If I was proposing anything, it'd be to make it easier to become a dentist.

That would certainly make more sense than any kind of public dentistry service, though it's not clear there is a lot of room for improvement there. What makes becoming a dentist hard is, basically, medical school. It's possible there is some low hanging fruit there, but a lot of that hardness is intrinsic.
In the US dentistry is a separate track.

Many more people would like to become dentists than are accepted into dental schools.

http://www.adea.org/publications/Pages/2009-Applicants-and-E...

Of course having standards is good for patient outcomes. That said, I bet lots and lots (and lots and lots) of the rejected applicants would be fine dentists.

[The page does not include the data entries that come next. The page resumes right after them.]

Definition clamp (x : R) : R := Rmax 0 (Rmin x 1).

Lemma clamp_I01 x : I01 (clamp x).
Proof. unfold clamp, I01, Rmax, Rmin. repeat destruct Rle_dec; lra. Qed.

Lemma clamp_id x : I01 x -> clamp x = x.
Proof. unfold clamp, I01, Rmax, Rmin. intros. repeat destruct Rle_dec; lra. Qed.

Lemma clamp_lipschitz x y : Rabs (clamp y - clamp x) <= Rabs (y - x).
Proof.
  unfold clamp, Rmax, Rmin, Rabs.
  repeat destruct Rle_dec; repeat destruct Rcase_abs; lra.
Qed.

Lemma continuity_clamp h : cont_I01 h -> continuity (fun x => h (clamp x)).
Proof.
  intros Hh x eps Heps.
  destruct (Hh (clamp x) (clamp_I01 x) eps Heps) as [del [Hdel Hd]].
  exists del. split; [exact Hdel|]. intros y [_ Hy]. simpl in *. unfold R_dist in *.
  apply Hd; [apply clamp_I01|]. pose proof (clamp_lipschitz x y). lra.
Qed.

Lemma cont_I01_ivt h a b x y p : cont_I01 h -> 0 <= a -> b <= 1 ->
  a < x < b -> a < y < b -> Rmin (h x) (h y) <= p <= Rmax (h x) (h y) ->
  exists z, a < z < b /\ h z = p.
Proof.
  intros Hh Ha Hb.
  assert (ordered : forall x y, x <= y -> a < x < b -> a < y < b ->
            (h x - p) * (h y - p) <= 0 -> exists z, a < z < b /\ h z = p).
  { intros x' y' Hxy Hx Hy Hp.
    destruct (IVT_cor (fun z => h (clamp z) - p) x' y') as [z [Hz Hz0]];
      [apply continuity_minus; [now apply continuity_clamp|apply continuity_const; now intros ? ?]
      |exact Hxy|rewrite !clamp_id by (unfold I01; lra); exact Hp|].
    exists z. split; [lra|]. rewrite clamp_id in Hz0 by (unfold I01; lra). lra. }
  intros Hx Hy Hp. unfold Rmin, Rmax in Hp.
  destruct (Rle_dec x y); [apply (ordered x y)|apply (ordered y x)]; try lra;
    destruct (Rle_dec (h x) (h y)); nra.
Qed.

Lemma cont_I01_uniform h eps : cont_I01 h -> 0 < eps ->
  exists delta, 0 < delta /\ forall x y, I01 x -> I01 y ->
    Rabs (x - y) < delta -> Rabs (h x - h y) < eps.
Proof.
  intros Hh Heps.
  destruct (Heine (fun x => h (clamp x)) I01 (compact_P3 0 1)
              (fun x _ => continuity_clamp h Hh x) (mkposreal eps Heps)) as [[delta Hdelta] Hunif].
  exists delta. split; [exact Hdelta|]. intros x y Hx Hy Hxy.
  pose proof (Hunif x y Hx Hy Hxy) as H. simpl in H. now rewrite !clamp_id in H.
Qed.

> Of course having standards is good for patient outcomes. That said, I bet lots and lots (and lots and lots) of the rejected applicants would be fine dentists.

Would you bet your root canal on it?

The fact that there are more people who would like to do something than there are people who are capable of meeting the performance qualifications for it isn't an inherent problem. Only 0.6% of Navy recruits end up becoming SEALs despite 50% of recruits expressing interest. I'm sure there are many, many Navy sailors who would be fine SEALs, but that's neither here nor there.

Unless you're referencing specific evidence that the qualifications are systematically too strict[0], then it doesn't mean much to say that there are rejected applicants who would be fine dentists. And to be blunt, I think it'd be easier to make the case that they're not strict enough.

[0] The working hours and revenue of dentistry practices are not evidence of this

If the marginal applicants rejected from dental school wouldn't make good dentists, then sure, it's likely the case that the marginal graduates aren't good dentists.

It's not really the case that we learn anything about the capabilities of applicants from the rejection, the number of people admitted to dental schools isn't adjusted to account for particularly good or particularly bad applicant classes.

Maybe the occupational licensing is too onerous? I'm sure that you can get cheaper dental treatment abroad.